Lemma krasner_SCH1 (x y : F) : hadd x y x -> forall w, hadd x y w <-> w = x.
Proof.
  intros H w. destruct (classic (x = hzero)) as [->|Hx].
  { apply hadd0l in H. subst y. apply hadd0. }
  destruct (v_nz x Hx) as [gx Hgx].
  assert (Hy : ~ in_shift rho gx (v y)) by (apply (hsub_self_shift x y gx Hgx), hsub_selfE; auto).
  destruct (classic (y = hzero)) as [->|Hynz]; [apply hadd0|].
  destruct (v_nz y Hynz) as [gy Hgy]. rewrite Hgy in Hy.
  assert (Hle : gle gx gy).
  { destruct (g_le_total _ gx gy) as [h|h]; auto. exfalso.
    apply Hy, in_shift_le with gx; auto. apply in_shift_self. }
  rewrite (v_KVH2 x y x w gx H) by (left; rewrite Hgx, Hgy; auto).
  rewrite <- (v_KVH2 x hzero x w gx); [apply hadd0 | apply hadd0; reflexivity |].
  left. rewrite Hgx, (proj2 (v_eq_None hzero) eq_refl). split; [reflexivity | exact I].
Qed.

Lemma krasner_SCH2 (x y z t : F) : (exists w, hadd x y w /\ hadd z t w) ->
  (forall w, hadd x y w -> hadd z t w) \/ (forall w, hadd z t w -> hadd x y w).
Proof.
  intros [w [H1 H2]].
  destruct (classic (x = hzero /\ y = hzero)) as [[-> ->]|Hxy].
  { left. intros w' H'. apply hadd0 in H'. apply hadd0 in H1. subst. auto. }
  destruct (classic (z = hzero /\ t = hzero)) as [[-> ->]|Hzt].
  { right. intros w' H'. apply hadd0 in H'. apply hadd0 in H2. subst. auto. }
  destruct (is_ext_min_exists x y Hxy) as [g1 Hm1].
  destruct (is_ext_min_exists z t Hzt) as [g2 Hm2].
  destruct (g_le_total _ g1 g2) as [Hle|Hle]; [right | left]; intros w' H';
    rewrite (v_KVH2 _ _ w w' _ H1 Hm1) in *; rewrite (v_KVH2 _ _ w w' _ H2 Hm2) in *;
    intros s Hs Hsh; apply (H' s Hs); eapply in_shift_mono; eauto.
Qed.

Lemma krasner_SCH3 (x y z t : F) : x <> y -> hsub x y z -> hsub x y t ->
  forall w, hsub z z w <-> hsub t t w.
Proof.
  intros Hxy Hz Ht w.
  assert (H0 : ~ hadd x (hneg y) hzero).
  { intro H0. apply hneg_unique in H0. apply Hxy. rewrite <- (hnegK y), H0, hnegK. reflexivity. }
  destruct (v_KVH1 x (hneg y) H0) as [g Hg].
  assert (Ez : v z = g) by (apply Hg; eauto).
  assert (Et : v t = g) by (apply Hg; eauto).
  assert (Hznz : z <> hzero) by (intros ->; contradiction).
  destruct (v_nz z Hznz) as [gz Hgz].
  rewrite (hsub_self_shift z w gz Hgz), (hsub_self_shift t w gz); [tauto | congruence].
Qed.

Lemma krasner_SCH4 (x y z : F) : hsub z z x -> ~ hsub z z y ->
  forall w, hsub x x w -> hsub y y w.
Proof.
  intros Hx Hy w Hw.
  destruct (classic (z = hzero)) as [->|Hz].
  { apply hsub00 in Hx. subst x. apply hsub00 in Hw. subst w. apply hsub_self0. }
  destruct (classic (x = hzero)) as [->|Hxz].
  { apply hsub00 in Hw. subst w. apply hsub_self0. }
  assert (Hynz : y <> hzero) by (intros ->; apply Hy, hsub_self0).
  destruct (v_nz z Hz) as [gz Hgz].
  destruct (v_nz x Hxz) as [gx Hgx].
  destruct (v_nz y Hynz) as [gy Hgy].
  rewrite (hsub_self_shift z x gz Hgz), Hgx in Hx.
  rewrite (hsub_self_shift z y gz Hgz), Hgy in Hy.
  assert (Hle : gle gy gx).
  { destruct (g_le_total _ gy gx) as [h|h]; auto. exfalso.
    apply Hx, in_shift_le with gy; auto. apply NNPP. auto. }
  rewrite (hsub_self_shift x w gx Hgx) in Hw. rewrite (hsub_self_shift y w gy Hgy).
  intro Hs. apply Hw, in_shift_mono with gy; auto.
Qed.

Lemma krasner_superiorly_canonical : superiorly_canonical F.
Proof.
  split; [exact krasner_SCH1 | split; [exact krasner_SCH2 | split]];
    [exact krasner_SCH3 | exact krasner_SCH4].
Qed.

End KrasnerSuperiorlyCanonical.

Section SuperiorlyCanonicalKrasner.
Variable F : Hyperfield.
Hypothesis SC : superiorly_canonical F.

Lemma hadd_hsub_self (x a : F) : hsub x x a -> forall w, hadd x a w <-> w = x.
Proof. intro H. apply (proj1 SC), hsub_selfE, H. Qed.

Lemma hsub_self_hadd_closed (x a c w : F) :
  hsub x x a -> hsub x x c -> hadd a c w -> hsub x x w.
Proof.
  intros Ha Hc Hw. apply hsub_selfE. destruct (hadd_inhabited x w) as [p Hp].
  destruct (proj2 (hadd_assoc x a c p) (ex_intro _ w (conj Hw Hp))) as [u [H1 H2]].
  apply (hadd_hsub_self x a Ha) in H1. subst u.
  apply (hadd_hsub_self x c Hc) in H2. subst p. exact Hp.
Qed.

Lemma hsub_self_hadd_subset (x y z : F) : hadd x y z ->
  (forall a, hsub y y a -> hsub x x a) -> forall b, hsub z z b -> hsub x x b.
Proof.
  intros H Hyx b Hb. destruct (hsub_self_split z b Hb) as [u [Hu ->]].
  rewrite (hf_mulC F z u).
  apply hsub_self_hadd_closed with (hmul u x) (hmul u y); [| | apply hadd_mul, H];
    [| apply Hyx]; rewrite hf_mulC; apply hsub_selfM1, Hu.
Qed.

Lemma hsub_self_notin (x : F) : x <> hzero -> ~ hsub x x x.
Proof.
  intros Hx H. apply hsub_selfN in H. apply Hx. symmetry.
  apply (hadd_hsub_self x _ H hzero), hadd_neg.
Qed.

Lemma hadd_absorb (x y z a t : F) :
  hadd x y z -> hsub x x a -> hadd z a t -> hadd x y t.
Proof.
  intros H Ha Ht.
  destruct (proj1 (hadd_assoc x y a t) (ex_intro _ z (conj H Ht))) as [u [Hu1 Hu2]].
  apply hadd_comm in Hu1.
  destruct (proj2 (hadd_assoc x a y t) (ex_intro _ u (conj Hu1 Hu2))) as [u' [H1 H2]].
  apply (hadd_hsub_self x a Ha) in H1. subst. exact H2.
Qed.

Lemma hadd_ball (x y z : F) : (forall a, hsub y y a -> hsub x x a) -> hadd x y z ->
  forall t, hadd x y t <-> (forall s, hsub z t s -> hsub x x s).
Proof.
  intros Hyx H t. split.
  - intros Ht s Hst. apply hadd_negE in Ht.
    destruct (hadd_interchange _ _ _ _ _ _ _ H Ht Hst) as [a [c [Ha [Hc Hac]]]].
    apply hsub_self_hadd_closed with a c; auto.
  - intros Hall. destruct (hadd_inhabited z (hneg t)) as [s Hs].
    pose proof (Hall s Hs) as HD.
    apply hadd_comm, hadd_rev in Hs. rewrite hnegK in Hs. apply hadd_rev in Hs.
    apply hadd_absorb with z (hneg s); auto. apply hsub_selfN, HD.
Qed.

## EXERCISE DIRECTIONS
Everything from the first line of the data through the line containing "destruct (v_nz x Hx) as [gx Hgx]." should be echoed exactly. Add nothing.

## RESULT FOR THIS EXERCISE
Lemma krasner_SCH1 (x y : F) : hadd x y x -> forall w, hadd x y w <-> w = x.
Proof.
  intros H w. destruct (classic (x = hzero)) as [->|Hx].
  { apply hadd0l in H. subst y. apply hadd0. }
  destruct (v_nz x Hx) as [gx Hgx].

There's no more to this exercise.